- Work to be completed
Only some lines are wanted. Transcribe, exactly, the lines below from the line with "rewrite -big_enum /=;" up to and including the line with "by apply: funext".

- Study material

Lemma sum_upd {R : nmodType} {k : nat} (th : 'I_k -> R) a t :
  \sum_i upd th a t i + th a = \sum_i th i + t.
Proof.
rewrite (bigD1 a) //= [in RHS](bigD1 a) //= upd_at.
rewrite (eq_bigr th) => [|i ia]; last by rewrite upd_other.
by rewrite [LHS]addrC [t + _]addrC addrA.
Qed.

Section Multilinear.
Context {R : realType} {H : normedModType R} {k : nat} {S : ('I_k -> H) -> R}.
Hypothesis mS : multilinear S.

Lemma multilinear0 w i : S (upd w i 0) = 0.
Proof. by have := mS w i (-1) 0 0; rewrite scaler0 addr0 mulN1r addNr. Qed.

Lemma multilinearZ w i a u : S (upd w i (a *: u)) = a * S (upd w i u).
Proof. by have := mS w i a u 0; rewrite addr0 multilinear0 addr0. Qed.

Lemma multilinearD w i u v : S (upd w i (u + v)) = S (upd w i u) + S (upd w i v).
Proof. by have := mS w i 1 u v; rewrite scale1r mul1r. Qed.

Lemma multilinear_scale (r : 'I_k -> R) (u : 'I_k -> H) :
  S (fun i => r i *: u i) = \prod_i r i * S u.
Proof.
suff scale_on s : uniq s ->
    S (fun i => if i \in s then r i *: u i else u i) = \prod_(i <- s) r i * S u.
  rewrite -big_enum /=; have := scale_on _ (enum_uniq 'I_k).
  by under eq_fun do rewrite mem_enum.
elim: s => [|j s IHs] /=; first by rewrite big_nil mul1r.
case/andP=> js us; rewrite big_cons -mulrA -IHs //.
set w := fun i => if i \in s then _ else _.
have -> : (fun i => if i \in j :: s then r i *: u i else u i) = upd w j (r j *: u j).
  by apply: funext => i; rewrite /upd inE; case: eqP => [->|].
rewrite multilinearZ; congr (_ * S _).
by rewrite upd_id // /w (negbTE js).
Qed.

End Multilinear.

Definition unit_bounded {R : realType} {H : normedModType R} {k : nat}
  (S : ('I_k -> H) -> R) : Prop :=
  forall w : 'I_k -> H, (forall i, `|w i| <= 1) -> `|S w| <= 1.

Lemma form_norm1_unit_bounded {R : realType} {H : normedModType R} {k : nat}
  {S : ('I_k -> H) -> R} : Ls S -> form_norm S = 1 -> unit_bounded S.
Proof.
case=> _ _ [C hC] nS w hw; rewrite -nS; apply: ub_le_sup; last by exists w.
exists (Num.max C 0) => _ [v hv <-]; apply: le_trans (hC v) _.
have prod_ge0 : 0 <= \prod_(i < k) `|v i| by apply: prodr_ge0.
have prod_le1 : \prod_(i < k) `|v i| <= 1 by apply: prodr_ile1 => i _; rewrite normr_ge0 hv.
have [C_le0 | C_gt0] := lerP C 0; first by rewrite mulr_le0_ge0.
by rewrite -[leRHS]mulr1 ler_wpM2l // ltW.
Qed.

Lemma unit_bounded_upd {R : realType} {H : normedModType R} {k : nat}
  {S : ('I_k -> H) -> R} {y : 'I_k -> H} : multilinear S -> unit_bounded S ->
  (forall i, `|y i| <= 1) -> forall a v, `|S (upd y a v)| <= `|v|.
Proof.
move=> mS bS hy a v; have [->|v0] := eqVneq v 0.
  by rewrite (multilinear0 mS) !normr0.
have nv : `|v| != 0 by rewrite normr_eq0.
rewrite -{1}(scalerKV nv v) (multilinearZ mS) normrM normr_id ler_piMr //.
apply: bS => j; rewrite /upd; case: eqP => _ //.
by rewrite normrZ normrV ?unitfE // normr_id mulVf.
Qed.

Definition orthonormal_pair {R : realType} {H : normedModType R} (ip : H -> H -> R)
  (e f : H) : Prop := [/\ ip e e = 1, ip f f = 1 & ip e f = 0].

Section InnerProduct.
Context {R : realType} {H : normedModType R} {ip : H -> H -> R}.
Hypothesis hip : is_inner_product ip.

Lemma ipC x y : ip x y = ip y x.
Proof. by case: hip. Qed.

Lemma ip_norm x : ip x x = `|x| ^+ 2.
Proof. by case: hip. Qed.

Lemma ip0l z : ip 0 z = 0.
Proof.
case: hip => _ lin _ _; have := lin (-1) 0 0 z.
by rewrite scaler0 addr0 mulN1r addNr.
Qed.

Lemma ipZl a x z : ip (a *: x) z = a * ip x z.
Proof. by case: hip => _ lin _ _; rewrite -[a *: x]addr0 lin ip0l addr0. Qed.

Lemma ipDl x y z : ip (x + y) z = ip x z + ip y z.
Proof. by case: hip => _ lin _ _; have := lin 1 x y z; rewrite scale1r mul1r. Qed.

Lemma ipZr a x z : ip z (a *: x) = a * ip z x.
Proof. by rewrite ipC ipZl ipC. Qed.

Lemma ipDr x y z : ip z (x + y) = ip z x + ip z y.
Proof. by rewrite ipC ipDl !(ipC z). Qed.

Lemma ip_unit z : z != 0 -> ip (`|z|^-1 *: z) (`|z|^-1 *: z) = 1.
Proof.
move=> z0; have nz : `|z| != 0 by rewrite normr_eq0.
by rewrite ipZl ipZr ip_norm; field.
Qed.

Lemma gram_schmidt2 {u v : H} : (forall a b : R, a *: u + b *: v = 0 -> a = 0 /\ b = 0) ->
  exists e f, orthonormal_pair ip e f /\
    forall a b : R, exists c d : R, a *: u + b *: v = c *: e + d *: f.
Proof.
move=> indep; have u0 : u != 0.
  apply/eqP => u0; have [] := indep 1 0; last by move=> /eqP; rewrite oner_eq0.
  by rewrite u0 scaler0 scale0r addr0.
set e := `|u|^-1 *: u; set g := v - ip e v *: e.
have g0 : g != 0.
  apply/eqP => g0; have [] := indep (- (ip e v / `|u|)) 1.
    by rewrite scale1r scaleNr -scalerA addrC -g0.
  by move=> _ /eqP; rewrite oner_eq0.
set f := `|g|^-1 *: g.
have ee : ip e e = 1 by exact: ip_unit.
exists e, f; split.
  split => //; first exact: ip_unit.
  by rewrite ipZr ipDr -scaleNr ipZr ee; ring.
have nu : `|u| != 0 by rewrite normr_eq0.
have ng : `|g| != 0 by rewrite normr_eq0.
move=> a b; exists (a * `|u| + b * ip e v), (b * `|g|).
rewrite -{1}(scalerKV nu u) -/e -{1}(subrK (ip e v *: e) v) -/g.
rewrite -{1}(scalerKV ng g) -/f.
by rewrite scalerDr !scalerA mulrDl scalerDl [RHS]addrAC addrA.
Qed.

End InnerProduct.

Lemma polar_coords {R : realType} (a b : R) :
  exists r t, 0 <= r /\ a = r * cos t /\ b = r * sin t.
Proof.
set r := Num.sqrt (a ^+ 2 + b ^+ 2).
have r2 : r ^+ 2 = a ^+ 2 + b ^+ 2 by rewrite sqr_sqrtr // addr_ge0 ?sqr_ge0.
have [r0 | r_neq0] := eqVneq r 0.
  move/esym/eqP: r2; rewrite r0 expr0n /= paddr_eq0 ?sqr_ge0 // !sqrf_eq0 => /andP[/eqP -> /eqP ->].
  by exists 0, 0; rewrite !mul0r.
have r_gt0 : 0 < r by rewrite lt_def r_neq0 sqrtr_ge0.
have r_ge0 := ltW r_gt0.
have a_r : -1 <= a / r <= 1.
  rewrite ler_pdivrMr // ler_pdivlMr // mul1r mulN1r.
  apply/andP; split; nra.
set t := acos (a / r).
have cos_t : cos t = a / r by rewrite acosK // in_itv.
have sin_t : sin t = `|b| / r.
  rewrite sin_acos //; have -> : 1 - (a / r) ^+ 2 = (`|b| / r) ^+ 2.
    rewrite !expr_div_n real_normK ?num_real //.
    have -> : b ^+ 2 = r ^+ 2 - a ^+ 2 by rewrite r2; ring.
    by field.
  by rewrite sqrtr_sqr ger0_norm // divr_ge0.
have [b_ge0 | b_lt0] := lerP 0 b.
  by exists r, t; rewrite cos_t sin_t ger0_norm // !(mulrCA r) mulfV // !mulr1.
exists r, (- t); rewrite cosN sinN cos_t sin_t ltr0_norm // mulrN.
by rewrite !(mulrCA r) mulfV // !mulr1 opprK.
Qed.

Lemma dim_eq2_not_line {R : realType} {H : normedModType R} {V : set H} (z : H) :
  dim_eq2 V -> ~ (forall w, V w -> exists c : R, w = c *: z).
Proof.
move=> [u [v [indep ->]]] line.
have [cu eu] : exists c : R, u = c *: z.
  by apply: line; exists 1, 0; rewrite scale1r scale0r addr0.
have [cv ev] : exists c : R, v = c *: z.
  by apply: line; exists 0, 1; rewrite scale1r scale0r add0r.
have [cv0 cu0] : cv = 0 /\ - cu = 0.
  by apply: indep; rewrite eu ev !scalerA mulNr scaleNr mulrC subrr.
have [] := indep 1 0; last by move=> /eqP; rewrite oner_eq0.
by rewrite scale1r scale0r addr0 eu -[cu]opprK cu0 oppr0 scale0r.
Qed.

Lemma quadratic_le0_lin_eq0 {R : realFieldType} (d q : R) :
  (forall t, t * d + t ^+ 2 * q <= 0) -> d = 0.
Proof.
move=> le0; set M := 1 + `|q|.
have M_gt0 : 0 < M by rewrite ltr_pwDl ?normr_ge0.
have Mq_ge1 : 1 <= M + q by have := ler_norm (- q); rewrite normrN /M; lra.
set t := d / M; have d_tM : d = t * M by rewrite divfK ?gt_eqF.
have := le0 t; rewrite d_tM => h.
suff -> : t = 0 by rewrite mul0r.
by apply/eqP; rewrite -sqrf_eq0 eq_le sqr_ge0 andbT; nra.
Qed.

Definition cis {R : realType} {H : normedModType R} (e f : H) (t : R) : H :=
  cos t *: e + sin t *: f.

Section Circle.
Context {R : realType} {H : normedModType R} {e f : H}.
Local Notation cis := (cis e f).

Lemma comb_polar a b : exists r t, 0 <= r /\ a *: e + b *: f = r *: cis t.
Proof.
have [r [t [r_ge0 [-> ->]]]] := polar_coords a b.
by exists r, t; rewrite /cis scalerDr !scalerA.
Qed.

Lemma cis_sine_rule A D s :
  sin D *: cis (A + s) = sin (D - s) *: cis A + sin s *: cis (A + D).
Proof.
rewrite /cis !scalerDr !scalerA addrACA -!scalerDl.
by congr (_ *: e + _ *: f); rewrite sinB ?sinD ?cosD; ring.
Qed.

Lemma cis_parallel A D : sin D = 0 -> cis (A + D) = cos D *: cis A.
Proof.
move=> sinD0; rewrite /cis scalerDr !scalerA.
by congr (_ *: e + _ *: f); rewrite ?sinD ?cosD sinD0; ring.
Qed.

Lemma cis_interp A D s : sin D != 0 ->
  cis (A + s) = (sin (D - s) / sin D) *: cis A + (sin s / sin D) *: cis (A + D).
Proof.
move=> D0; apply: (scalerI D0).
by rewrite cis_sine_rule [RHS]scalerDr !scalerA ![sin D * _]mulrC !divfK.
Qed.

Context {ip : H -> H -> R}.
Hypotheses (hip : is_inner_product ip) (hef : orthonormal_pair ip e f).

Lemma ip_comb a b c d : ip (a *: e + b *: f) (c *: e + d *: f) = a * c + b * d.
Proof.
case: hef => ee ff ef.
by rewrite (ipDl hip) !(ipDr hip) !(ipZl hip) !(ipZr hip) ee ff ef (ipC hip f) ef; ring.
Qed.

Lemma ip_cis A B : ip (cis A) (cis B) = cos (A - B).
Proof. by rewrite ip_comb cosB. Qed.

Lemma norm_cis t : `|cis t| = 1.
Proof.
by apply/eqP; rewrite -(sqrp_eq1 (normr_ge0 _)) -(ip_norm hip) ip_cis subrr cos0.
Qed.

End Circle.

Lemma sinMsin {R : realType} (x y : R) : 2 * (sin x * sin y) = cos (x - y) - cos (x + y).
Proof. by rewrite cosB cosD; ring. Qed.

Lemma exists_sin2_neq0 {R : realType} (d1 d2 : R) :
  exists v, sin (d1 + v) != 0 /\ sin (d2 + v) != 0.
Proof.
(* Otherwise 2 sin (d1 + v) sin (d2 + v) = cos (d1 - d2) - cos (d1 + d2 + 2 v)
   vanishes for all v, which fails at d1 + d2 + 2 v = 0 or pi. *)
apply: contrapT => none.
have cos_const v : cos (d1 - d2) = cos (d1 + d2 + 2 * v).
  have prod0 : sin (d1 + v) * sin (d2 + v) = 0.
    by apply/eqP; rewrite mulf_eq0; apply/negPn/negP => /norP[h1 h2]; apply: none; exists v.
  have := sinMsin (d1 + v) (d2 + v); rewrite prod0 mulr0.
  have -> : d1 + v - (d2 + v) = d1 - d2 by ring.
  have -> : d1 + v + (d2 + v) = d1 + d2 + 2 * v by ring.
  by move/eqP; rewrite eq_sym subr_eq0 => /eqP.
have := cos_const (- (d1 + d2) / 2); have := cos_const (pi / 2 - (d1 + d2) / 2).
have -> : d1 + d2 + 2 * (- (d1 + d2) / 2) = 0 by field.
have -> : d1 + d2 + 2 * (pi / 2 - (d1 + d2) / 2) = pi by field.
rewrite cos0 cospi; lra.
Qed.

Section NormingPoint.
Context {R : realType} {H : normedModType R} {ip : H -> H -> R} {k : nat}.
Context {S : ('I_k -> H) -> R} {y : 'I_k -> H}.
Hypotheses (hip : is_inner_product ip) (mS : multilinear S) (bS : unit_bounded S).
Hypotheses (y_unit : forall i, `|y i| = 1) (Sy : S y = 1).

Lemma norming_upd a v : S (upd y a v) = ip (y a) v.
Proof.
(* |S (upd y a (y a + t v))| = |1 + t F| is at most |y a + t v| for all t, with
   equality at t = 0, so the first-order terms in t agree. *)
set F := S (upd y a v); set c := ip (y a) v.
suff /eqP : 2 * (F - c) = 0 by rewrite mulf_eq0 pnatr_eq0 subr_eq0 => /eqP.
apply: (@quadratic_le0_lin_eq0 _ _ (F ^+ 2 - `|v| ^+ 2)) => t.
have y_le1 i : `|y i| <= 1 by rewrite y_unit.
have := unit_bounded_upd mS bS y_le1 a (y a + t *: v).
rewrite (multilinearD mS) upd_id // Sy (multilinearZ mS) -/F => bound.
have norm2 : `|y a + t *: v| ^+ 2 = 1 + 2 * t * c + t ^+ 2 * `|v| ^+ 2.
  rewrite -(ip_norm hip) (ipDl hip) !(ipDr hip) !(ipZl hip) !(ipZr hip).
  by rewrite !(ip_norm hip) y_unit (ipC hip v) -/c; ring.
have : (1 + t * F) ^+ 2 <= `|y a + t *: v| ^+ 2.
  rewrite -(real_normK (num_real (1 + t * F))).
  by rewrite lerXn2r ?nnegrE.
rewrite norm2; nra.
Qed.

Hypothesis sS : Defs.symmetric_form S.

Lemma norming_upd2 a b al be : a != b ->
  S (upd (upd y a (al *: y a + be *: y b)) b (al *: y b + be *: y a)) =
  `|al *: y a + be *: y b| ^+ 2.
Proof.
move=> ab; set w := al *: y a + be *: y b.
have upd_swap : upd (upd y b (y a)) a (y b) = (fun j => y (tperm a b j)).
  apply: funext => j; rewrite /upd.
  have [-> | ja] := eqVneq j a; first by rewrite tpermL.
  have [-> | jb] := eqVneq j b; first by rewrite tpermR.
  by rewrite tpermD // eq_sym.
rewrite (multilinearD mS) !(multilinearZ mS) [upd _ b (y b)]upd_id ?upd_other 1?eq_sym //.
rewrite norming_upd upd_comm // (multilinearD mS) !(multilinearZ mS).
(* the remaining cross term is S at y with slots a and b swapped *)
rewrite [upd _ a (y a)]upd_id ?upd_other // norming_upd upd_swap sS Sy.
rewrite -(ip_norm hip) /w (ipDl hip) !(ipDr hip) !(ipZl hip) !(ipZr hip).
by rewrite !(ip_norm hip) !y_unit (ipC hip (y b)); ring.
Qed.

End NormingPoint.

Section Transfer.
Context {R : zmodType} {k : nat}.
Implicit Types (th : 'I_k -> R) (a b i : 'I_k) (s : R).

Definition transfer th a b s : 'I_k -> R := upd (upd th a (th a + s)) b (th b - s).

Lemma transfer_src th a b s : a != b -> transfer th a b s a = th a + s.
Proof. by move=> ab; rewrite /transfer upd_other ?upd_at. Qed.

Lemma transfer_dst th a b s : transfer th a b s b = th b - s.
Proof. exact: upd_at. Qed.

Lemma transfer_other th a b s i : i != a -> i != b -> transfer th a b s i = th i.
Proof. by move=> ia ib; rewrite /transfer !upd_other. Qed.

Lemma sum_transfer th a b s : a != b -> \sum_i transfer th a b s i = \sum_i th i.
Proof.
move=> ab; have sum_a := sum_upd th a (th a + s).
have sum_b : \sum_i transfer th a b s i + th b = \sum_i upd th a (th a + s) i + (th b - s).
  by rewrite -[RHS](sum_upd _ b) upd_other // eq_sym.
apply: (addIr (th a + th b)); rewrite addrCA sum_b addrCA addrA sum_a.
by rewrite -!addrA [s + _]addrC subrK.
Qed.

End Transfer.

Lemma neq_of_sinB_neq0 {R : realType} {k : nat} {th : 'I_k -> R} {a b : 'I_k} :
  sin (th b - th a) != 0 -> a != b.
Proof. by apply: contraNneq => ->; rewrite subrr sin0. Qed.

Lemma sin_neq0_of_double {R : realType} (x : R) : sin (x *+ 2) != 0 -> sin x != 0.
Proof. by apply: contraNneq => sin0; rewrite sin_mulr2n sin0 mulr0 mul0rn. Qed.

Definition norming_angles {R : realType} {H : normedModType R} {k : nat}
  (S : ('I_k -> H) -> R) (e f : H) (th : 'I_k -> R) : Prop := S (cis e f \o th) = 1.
...
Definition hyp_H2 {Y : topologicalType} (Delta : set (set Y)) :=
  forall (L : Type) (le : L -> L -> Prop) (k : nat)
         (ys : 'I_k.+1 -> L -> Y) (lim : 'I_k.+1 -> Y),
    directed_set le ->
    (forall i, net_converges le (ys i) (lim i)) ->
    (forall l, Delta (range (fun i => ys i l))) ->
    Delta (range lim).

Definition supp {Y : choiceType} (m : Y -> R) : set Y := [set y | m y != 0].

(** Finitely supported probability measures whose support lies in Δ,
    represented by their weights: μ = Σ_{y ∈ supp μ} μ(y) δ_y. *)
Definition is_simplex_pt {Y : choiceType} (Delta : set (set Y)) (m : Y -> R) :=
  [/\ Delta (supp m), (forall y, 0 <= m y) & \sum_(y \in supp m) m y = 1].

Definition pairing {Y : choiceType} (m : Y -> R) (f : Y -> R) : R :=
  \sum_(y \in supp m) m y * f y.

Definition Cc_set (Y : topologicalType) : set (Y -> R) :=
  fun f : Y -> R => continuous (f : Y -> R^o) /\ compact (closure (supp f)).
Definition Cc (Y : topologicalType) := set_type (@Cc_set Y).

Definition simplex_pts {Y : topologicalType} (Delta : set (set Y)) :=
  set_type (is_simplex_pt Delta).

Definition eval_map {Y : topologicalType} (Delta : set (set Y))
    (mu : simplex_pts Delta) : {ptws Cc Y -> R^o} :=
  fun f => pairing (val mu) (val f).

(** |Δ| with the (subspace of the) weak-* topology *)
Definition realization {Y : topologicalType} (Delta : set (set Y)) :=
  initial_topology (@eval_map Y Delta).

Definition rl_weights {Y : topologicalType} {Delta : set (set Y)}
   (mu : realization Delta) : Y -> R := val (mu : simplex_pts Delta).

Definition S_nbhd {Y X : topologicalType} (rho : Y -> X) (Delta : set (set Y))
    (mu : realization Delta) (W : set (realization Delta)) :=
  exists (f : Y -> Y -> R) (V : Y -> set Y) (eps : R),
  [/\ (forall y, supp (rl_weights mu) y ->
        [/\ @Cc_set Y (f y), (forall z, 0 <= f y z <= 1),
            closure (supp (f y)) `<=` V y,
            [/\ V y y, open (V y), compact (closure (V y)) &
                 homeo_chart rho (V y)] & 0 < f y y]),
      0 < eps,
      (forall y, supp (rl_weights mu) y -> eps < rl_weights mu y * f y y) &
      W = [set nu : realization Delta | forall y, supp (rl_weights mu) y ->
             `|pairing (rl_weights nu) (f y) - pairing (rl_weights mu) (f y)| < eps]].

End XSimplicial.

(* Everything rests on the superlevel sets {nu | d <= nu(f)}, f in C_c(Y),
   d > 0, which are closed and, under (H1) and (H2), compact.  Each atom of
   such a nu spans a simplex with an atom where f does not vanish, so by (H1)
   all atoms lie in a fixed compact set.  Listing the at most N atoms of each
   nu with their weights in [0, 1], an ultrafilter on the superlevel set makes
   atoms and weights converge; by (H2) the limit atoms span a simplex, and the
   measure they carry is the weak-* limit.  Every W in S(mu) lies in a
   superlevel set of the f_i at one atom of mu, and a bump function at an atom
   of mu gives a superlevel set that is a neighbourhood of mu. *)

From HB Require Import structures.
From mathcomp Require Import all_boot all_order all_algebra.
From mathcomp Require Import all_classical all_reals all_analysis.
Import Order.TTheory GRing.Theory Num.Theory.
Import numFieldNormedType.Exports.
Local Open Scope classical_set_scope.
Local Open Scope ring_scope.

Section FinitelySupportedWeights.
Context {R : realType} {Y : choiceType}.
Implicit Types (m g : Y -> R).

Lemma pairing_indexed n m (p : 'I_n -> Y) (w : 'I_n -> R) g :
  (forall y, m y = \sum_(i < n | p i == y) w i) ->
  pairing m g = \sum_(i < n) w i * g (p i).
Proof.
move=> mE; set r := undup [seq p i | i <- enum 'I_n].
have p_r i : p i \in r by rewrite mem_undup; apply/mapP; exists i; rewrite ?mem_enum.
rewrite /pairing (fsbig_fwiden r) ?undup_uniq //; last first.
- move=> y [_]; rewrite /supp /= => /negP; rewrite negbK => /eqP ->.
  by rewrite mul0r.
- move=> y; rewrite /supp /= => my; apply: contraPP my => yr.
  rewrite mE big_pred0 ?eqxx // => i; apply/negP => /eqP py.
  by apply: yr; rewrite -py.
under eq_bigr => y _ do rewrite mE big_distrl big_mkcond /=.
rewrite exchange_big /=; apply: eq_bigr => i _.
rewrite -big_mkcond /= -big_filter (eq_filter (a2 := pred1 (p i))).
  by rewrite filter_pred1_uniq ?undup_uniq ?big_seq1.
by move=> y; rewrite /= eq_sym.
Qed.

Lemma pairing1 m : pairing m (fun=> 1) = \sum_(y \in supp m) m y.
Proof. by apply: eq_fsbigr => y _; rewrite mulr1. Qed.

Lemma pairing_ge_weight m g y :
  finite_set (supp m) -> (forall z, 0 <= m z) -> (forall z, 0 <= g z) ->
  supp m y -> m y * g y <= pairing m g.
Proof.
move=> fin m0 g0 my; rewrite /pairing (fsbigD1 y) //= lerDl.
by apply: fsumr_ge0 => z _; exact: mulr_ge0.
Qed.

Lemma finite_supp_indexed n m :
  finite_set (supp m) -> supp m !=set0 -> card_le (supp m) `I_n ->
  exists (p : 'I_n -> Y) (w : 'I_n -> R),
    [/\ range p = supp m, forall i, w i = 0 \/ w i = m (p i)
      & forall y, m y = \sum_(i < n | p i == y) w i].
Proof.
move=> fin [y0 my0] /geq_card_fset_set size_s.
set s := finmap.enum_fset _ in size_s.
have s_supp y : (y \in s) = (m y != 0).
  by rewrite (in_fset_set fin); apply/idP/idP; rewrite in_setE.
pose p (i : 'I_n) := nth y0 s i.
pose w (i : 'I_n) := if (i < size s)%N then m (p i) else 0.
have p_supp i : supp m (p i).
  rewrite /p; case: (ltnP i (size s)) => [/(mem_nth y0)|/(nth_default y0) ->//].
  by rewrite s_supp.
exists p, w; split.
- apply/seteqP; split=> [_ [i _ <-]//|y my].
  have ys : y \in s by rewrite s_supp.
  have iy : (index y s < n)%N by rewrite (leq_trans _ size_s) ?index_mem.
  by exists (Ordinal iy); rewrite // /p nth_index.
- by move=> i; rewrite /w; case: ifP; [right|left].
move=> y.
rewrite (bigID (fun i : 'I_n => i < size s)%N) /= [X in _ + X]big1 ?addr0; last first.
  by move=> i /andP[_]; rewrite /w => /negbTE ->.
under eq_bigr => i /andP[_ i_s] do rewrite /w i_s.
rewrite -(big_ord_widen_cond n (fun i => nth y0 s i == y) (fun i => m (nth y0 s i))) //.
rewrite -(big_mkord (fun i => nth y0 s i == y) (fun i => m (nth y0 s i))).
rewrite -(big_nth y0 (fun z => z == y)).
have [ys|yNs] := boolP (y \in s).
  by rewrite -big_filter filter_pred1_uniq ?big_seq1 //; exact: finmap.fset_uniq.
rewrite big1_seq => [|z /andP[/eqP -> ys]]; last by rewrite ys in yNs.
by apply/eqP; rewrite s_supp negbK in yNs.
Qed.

- Solution to the exercise
  rewrite -big_enum /=; have := scale_on _ (enum_uniq 'I_k).
  by under eq_fun do rewrite mem_enum.
elim: s => [|j s IHs] /=; first by rewrite big_nil mul1r.
case/andP=> js us; rewrite big_cons -mulrA -IHs //.
set w := fun i => if i \in s then _ else _.
have -> : (fun i => if i \in j :: s then r i *: u i else u i) = upd w j (r j *: u j).
  by apply: funext => i; rewrite /upd inE; case: eqP => [->|].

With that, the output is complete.